* Problem details *
From the records below, set down exactly the lines starting with the line that contains "w) = V_out G]." and going on through the line that contains "by move: bVS;". Nothing else is wanted.

* Given records *
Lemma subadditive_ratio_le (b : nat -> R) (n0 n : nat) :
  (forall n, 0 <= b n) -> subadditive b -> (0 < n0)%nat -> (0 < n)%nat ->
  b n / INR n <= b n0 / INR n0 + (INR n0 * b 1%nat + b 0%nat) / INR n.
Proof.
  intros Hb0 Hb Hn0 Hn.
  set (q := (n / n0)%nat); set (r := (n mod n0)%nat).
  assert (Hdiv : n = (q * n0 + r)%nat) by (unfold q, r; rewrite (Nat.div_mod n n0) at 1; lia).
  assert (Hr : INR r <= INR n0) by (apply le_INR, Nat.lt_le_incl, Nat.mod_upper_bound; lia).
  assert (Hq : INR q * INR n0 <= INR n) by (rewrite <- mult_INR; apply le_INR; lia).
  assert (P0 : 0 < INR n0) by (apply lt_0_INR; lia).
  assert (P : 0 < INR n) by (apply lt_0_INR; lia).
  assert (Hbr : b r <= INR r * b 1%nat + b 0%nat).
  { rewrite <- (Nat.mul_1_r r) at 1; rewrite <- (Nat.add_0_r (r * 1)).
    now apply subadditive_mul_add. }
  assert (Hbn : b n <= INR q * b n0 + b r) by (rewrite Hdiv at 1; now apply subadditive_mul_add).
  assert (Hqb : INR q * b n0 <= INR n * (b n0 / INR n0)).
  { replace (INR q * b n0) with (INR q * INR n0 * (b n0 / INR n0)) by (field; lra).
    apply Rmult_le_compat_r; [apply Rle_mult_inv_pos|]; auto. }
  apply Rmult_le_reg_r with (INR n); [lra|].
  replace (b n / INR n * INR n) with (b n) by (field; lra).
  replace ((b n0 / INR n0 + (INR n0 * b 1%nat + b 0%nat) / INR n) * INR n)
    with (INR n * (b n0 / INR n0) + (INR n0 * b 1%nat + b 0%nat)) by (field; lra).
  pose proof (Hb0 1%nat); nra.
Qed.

--

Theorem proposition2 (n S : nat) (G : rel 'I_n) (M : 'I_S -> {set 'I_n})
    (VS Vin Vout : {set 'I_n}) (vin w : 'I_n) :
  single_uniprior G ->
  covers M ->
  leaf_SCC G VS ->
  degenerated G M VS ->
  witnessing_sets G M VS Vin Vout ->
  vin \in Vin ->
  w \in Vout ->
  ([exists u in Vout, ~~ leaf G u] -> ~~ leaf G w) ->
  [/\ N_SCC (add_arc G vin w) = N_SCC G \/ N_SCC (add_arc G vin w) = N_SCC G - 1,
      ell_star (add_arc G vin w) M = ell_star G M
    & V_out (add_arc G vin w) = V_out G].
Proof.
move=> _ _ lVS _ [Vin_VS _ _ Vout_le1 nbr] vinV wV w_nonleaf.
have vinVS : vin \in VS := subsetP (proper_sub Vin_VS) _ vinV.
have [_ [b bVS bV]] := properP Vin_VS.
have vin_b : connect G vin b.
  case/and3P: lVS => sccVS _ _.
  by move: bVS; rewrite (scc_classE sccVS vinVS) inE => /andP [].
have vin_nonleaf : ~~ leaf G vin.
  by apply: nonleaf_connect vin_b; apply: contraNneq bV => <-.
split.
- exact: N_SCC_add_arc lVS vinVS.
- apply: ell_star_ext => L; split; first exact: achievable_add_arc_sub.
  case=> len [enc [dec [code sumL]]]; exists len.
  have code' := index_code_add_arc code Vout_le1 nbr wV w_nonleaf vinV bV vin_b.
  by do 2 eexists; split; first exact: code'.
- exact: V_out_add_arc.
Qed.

* Output below *
    & V_out (add_arc G vin w) = V_out G].
Proof.
move=> _ _ lVS _ [Vin_VS _ _ Vout_le1 nbr] vinV wV w_nonleaf.
have vinVS : vin \in VS := subsetP (proper_sub Vin_VS) _ vinV.
have [_ [b bVS bV]] := properP Vin_VS.
have vin_b : connect G vin b.
  case/and3P: lVS => sccVS _ _.
  by move: bVS; rewrite (scc_classE sccVS vinVS) inE => /andP [].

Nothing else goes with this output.